What is the difference between the 260 day moving average and the 12 month moving average?

The detailed question was:

Part of one of your Ask Colin answers was one is the 260-day moving average (which may be used on weekly data as a 52-week moving average or on monthly data as a 12 month moving average) What is the difference between the 260 day moving average (i.e. the number of days the stock market is open for trading in 12 months) and the 12 month moving average?

This is a really important concept to understand.

Trading on the stock market is in the form of transactions, each one of which is discrete. It is a convention that we summarise any period of trading by four data points: the opening price, the highest price, the lowest price and the last price.

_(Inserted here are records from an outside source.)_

(* Fix orthonormal bases BM of M and BK of K.  As K is wandering, the
   translates g f (g in G, f in BK) form an orthonormal family whose closed span
   contains the closed span of the translates of M, hence BM.  For a finite set
   A in BM, approximating each e in A by combinations of translates gives
   finitely many translates u with  sum_e sum_u |<e, u>|^2 >= |A| (1 - eps).  Conversely
   |<e, g f>| = |<f, g^-1 e>|, and the vectors g^-1 e are orthonormal because M
   is wandering, so Bessel's inequality at each f in BK bounds the same sum by
   |BK|.  Thus every finite subset of BM has at most |BK| elements; if BK is
   infinite, BM is countable by separability. *)

Lemma big_seq_pad (M : nmodType) (I : eqType) (t s : seq I) (F : I -> M) :
  uniq t -> uniq s -> {subset t <= s} ->
  \sum_(i <- t) F i = \sum_(i <- s) (if i \in t then F i else 0).
Proof.
move=> t_uniq s_uniq ts; rewrite -big_mkcond -big_filter; apply: perm_big.
apply: uniq_perm; rewrite ?filter_uniq // => i.
by rewrite mem_filter; apply/esym/andb_idr/ts.
Qed.

Lemma big_seq_partition (M : nmodType) (I J : eqType) (r : seq I) (s : seq J)
    (h : I -> J) (F : I -> M) :
  uniq s -> (forall i, i \in r -> h i \in s) ->
  \sum_(i <- r) F i = \sum_(j <- s) \sum_(i <- r | h i == j) F i.
Proof.
move=> s_uniq hr; rewrite [RHS](exchange_big_dep xpredT) //= big_seq [RHS]big_seq.
apply: eq_bigr => i ir; rewrite (eq_bigl (pred1 (h i))) => [|j]; last by rewrite eq_sym.
by rewrite -big_filter (filter_pred1_uniq s_uniq (hr _ ir)) big_seq1.
Qed.

Lemma big_seq_delta (S : pzSemiRingType) (I : eqType) (s : seq I) (F : I -> S) i :
  uniq s -> i \in s -> \sum_(j <- s) F j * (i == j)%:R = F i.
Proof.
move=> s_uniq si; rewrite (bigD1_seq i) //= eqxx mulr1 big1 ?addr0 // => j.
by rewrite eq_sym => /negbTE->; rewrite mulr0.
Qed.

Section SquaredModulus.
Variable R : realType.

Definition sqmod (z : R[i]) : R := complex.Re (z * z^*).

Lemma sqmod_ge0 z : 0 <= sqmod z.
Proof. by have := mulcJ_ge0 z; rewrite lecE => /andP[]. Qed.

Lemma sqmod0 : sqmod 0 = 0.
Proof. by rewrite /sqmod mul0r. Qed.

Lemma sqmodJ z : sqmod z^* = sqmod z.
Proof. by case: z => a b; rewrite /sqmod /=; ring. Qed.

Lemma ge0_complexRe (z : R[i]) : 0 <= z -> z = (complex.Re z)%:C.
Proof. by move=> /ger0_Im; case: z => a b /= ->. Qed.

End SquaredModulus.

Section InnerProduct.
Variables (R : realType) (V : lmodType R[i]) (ip : V -> V -> R[i]).
Hypothesis ipP : is_inner_product ip.

Definition sqnorm (x : V) : R := complex.Re (ip x x).

Let ipl (z : V) : {scalar V} := HB.pack (ip^~ z)
  (GRing.isLinear.Build _ _ _ _ (ip^~ z)
     (fun a x y => let: And4 ip_linear _ _ _ := ipP in ip_linear a x y z)).

Lemma ip0l z : ip 0 z = 0.
Proof. exact: (raddf0 (ipl z)). Qed.

Lemma ipDl x y z : ip (x + y) z = ip x z + ip y z.
Proof. exact: (raddfD (ipl z)). Qed.

Lemma ipBl x y z : ip (x - y) z = ip x z - ip y z.
Proof. exact: (raddfB (ipl z)). Qed.

Lemma ipZl a x z : ip (a *: x) z = a * ip x z.
Proof. exact: (scalarZ (ipl z)). Qed.

Lemma ip_suml (I : Type) (s : seq I) (a : I -> R[i]) (w : I -> V) z :
  ip (\sum_(i <- s) a i *: w i) z = \sum_(i <- s) a i * ip (w i) z.
Proof. by rewrite [LHS](raddf_sum (ipl z)); apply: eq_bigr => i _; apply: ipZl. Qed.

Lemma ipC x y : ip y x = (ip x y)^*.
Proof. by case: ipP. Qed.

Lemma ipDr x y z : ip z (x + y) = ip z x + ip z y.
Proof. by rewrite !(ipC _ z) ipDl rmorphD. Qed.

Lemma ipBr x y z : ip z (x - y) = ip z x - ip z y.
Proof. by rewrite !(ipC _ z) ipBl rmorphB. Qed.

Lemma ipZr a x z : ip z (a *: x) = a^* * ip z x.
Proof. by rewrite !(ipC _ z) ipZl rmorphM. Qed.

Lemma ip_sumr (I : Type) (s : seq I) (a : I -> R[i]) (w : I -> V) z :
  ip z (\sum_(i <- s) a i *: w i) = \sum_(i <- s) (a i)^* * ip z (w i).
Proof.
by rewrite ipC ip_suml rmorph_sum; apply: eq_bigr => j _; rewrite rmorphM /= (ipC z) conjcK.
Qed.

Lemma sqnorm_ge0 x : 0 <= sqnorm x.
Proof. by case: ipP => _ _ ip_ge0 _; have := ip_ge0 x; rewrite lecE => /andP[]. Qed.

Lemma ip_sqnorm x : ip x x = (sqnorm x)%:C.
Proof. by case: ipP => _ _ ip_ge0 _; apply: ge0_complexRe. Qed.

Lemma sqnorm0 : sqnorm 0 = 0.
Proof. by rewrite /sqnorm ip0l. Qed.

Lemma sqnormZ a x : sqnorm (a *: x) = sqmod a * sqnorm x.
Proof.
rewrite /sqnorm ipZl ipZr ip_sqnorm /sqmod.
by case: a => p q /=; ring.
Qed.

Lemma sqnormN x : sqnorm (- x) = sqnorm x.
Proof. by rewrite -scaleN1r sqnormZ /sqmod rmorphN1 mulrNN mulr1 mul1r. Qed.

Lemma sqnormD_le x y : sqnorm (x + y) <= 2 * sqnorm x + 2 * sqnorm y.
Proof.
have parallelogram : ip (x + y) (x + y) + ip (x - y) (x - y) = ip x x *+ 2 + ip y y *+ 2.
  by rewrite !ipBl !ipBr !ipDl !ipDr; ring.
move: parallelogram => /(congr1 (@complex.Re R)); rewrite !raddfD /=.
have := sqnorm_ge0 (x - y); rewrite /sqnorm; lra.
Qed.

Lemma sqnormD_lt x y (e : R) : sqnorm x < e / 4 -> sqnorm y < e / 4 -> sqnorm (x + y) < e.
Proof. by move=> ? ?; apply: le_lt_trans (sqnormD_le x y) _; lra. Qed.

Lemma orthonormal_ip (B : set V) u v :
  Defs.orthonormal ip B -> B u -> B v -> ip u v = (u == v)%:R.
Proof.
move=> [B1 B0] Bu Bv; have [<-|/eqP neq_uv] := eqVneq u v; first exact: B1.
exact: B0.
Qed.

Section Bessel.
Variables (I : eqType) (w : I -> V) (s : seq I).
Hypotheses (s_uniq : uniq s)
  (w_orthonormal : {in s &, forall i j, ip (w i) (w j) = (i == j)%:R}).
(* Let $X$ be a Hausdorff space and define $\Phi(X)=\sup\{L(X\setminus\{x\}) : x\in X\}$. Then $\Phi(X)=L(X)\cdot\psi(X)$.
   Context: $L(Y)$ denotes the Lindelöf number of $Y$ (least infinite cardinal $\mu$ such that every open cover of $Y$ has a subcover of size at most $\mu$), and $\psi(Y)$ the pseudocharacter (least infinite $\mu$ such that every point of $Y$ is the intersection of at most $\mu$ open sets); $X\setminus\{x\}$ carries the subspace topology. All cardinal functions are taken to be infinite. *)

From Stdlib Require Import Classical.

Definition is_topology {T : Type} (op : (T -> Prop) -> Prop) : Prop :=
  op (fun _ => True) /\
  op (fun _ => False) /\
  (forall U V, op U -> op V -> op (fun x => U x /\ V x)) /\
  (forall F : (T -> Prop) -> Prop,
      (forall U, F U -> op U) -> op (fun x => exists U, F U /\ U x)).

Definition hausdorff {T : Type} (op : (T -> Prop) -> Prop) : Prop :=
  forall x y : T, x <> y ->
    exists U V, op U /\ op V /\ U x /\ V y /\ (forall z, U z -> V z -> False).

Definition subspace_open {T : Type} (op : (T -> Prop) -> Prop) (A : T -> Prop)
  : ({x : T | A x} -> Prop) -> Prop :=
  fun W => exists U, op U /\ forall y : {x : T | A x}, W y <-> U (proj1_sig y).

Definition fam_card_le {T : Type} (D : (T -> Prop) -> Prop) (K : Type) : Prop :=
  exists f : {U : T -> Prop | D U} -> K, forall a b, f a = f b -> a = b.

Definition infinite_type (K : Type) : Prop :=
  exists g : nat -> K, forall m n, g m = g n -> m = n.

Definition lindelof_le {T : Type} (op : (T -> Prop) -> Prop) (K : Type) : Prop :=
  forall C : (T -> Prop) -> Prop,
    (forall U, C U -> op U) -> (forall x, exists U, C U /\ U x) ->
    exists D : (T -> Prop) -> Prop,
      (forall U, D U -> C U) /\ (forall x, exists U, D U /\ U x) /\ fam_card_le D K.

Definition pseudochar_le {T : Type} (op : (T -> Prop) -> Prop) (K : Type) : Prop :=
  forall x : T,
    exists D : (T -> Prop) -> Prop,
      (forall U, D U -> op U /\ U x) /\
      (forall y, (forall U, D U -> U y) -> y = x) /\ fam_card_le D K.

(* Given a cover of X, drop the point x and cover X \ {x} by at most Phi(X) of its
   members; one more member containing x covers X, so L(X) <= Phi(X).  By Hausdorffness
   X \ {x} is covered by open sets U each missing some open V_U containing x; at most
   Phi(X) of them suffice, and the corresponding V_U meet exactly in {x}, so
   psi(X) <= Phi(X).  Conversely, if {x} is the intersection of a family P of at most
   psi(X) open sets, then X \ {x} is the union of the sets X \ V for V in P, and a cover
   of X \ {x} together with V covers X; collecting subcovers of size L(X) for each V
   gives a subcover of size at most L(X) * psi(X).
   The cardinal arithmetic kappa * kappa = kappa for infinite kappa is proved from
   Zorn's lemma: a maximal injective pairing A x A -> A on a part A of kappa
   containing a copy of nat either has a complement no larger than A, in which case
   kappa embeds into A, or could be extended to A together with a disjoint copy of A. *)

From Stdlib Require Import Classical ClassicalEpsilon FunctionalExtensionality PropExtensionality ProofIrrelevance Cantor.
From mathcomp Require classical_sets.

Definition card_le (X Y : Type) : Prop :=
  exists f : X -> Y, forall a b, f a = f b -> a = b.

Lemma card_le_trans (X Y Z : Type) : card_le X Y -> card_le Y Z -> card_le X Z.
Proof.
  intros [f Hf] [h Hh]. exists (fun x => h (f x)). intros a b E. apply Hf, Hh, E.
Qed.

Lemma card_le_prod (X X' Y Y' : Type) :
  card_le X X' -> card_le Y Y' -> card_le (X * Y) (X' * Y').
Proof.
  intros [f Hf] [h Hh]. exists (fun p => (f (fst p), h (snd p))).
  intros [a b] [a' b'] E. injection E as E1 E2. now rewrite (Hf _ _ E1), (Hh _ _ E2).
Qed.

Lemma card_le_subtype_fun {X : Type} (P Q : X -> Prop) :
  card_le {x | P x} {x | Q x} ->
  exists h : X -> X, (forall x, P x -> Q (h x)) /\
    (forall x y, P x -> P y -> h x = h y -> x = y).
Proof.
  intros [j Hj].
  exists (fun x => match excluded_middle_informative (P x) with
           | left px => proj1_sig (j (exist _ x px)) | right _ => x end).
  split.
  - intros x px. destruct excluded_middle_informative; [apply proj2_sig|contradiction].
  - intros x y px py.
    destruct (excluded_middle_informative (P x)) as [px'|]; [|contradiction].
    destruct (excluded_middle_informative (P y)) as [py'|]; [|contradiction].
    intro E. apply (eq_sig_hprop (fun _ => proof_irrelevance _)) in E.
    apply Hj in E. now injection E.
Qed.

Definition included {U : Type} (A B : U -> Prop) : Prop := forall u, A u -> B u.

Lemma zorn_included {U : Type} (P : (U -> Prop) -> Prop) :
  (forall F : (U -> Prop) -> Prop, (forall S, F S -> P S) ->
     (forall S S', F S -> F S' -> included S S' \/ included S' S) ->
     P (fun u => exists S, F S /\ S u)) ->
  exists M, P M /\ forall N, P N -> included M N -> included N M.
Proof.
  intro Hchain.
  destruct (@classical_sets.Zorn_bigcup U P) as [M [HM Hmax]].
  - intros F HFP HF.
    replace (classical_sets.bigcup F (fun X => X)) with (fun u => exists S, F S /\ S u).
    + exact (Hchain F HFP HF).
    + apply functional_extensionality; intro u; apply propositional_extensionality.
      split; [intros [S [HS Su]]|intros [S HS Su]]; [exists S|]; eauto.
  - exists M. split; [exact HM|]. intros N HN HMN. apply NNPP; intro HNM.
    exact (Hmax N (conj HMN HNM) HN).
Qed.

Lemma card_le_total (X Y : Type) : card_le X Y \/ card_le Y X.
Proof.
  set (partial_bijection := fun R : X * Y -> Prop =>
         forall p q, R p -> R q -> (fst p = fst q <-> snd p = snd q)).
  destruct (zorn_included partial_bijection) as [M [HM Hmax]].
  { intros F HF Hch p q [S [HS Sp]] [S' [HS' S'q]].
    destruct (Hch S S' HS HS') as [H | H]; [apply (HF S') | apply (HF S)]; auto. }
  destruct (classic (forall x, exists y, M (x, y))) as [Hx | [x0 Hx0]%not_all_ex_not].
  { left. destruct (choice _ Hx) as [f Hf]. exists f. intros a b E.
    apply (HM _ _ (Hf a) (Hf b)). simpl. now rewrite E. }
  destruct (classic (forall y, exists x, M (x, y))) as [Hy | [y0 Hy0]%not_all_ex_not].
  { right. destruct (choice _ Hy) as [f Hf]. exists f. intros a b E.
    apply (HM _ _ (Hf a) (Hf b)). simpl. now rewrite E. }
  exfalso. apply Hx0. exists y0.
  apply (Hmax (fun p => M p \/ p = (x0, y0))); [|intros p Mp; now left|now right].
  intros p q [Mp | ->] [Mq | ->]; simpl.
  - now apply HM.
  - destruct p as [x y]; simpl; split; intros ->; [elim Hx0|elim Hy0]; eauto.
  - destruct q as [x y]; simpl; split; intros ->; [elim Hx0|elim Hy0]; eauto.
  - tauto.
Qed.

Section SquareCoding.

Variables (K : Type) (g : nat -> K).
Hypothesis g_inj : forall m n, g m = g n -> m = n.

Record square_coding (A : K -> Prop) (f : K -> K -> K) : Prop := {
  coding_closed : forall a b, A a -> A b -> A (f a b);
  coding_inj : forall a b a' b', A a -> A b -> A a' -> A b' ->
    f a b = f a' b' -> a = a' /\ b = b' }.

Definition seeded (A : K -> Prop) : Prop := forall n, A (g n).

Lemma seed_coding : exists f, square_coding (fun k => exists n, g n = k) f.
Proof.
  destruct (choice (fun k n => (exists m, g m = k) -> g n = k)) as [idx Hidx].
  { intro k. destruct (classic (exists m, g m = k)) as [[m Hm]|Hk].
    - exists m. now intros _.
    - exists 0. now intro. }
  assert (idx_g : forall n, idx (g n) = n) by (intro n; apply g_inj, Hidx; eauto).
  exists (fun a b => g (to_nat (idx a, idx b))). split.
  - eauto.
  - intros a b a' b' [n <-] [m <-] [n' <-] [m' <-] E.
    apply g_inj, (f_equal of_nat) in E. rewrite !cancel_of_to, !idx_g in E.
    now injection E as -> ->.
Qed.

Notice that I said period. A period is most commonly a day, a week or a month. However, it can also be shorter than that - short term traders use five minutes, ten minutes, and hour etc. It can also occasionally be longer than that - a quarter or even a year.

The parameter of a moving average is the period the calculation looks back and calculates an average for.

The most common form of the calculation is where the period is a day, so to get a moving average for a year of trading, we would use 260 days. This is 52 week multiplied by 5 days per week. This is technically more than a year, because it does not allow for holidays. However, it is close enough for the purpose.

However, sometimes the data we are using will be in the form of weekly periods. If we use 260, we will be averaging the closing prices for 260 weeks and so the average will cover about five years instead of one year. To deal with this, we use 52, which is the number of weekly periods in a year. This moving average will be very similar to that for the 260-day calculation, but not the same. The differences will derive from the slightly longer period on the 260-day calculation (the effect of holidays disappears in the weekly calculation), but more importantly because the 52 data points on the weekly calculation may eliminate some fairly extreme volatility on some daily closes, all of which are in the daily calculation.

Similarly, sometimes the data is in the form of monthly periods. Here, we need to use 12 periods, so that the look back period is still one year.

You might argue that we should always just use daily periods. For a moving average, it does not make much difference. However, for other indicators, it is quite critical. It will depend on your trading/investing timeframe, which you use. Good charting software should enable you to calculate daily, weekly or monthly indicators so you can see the short, medium and long term pictures.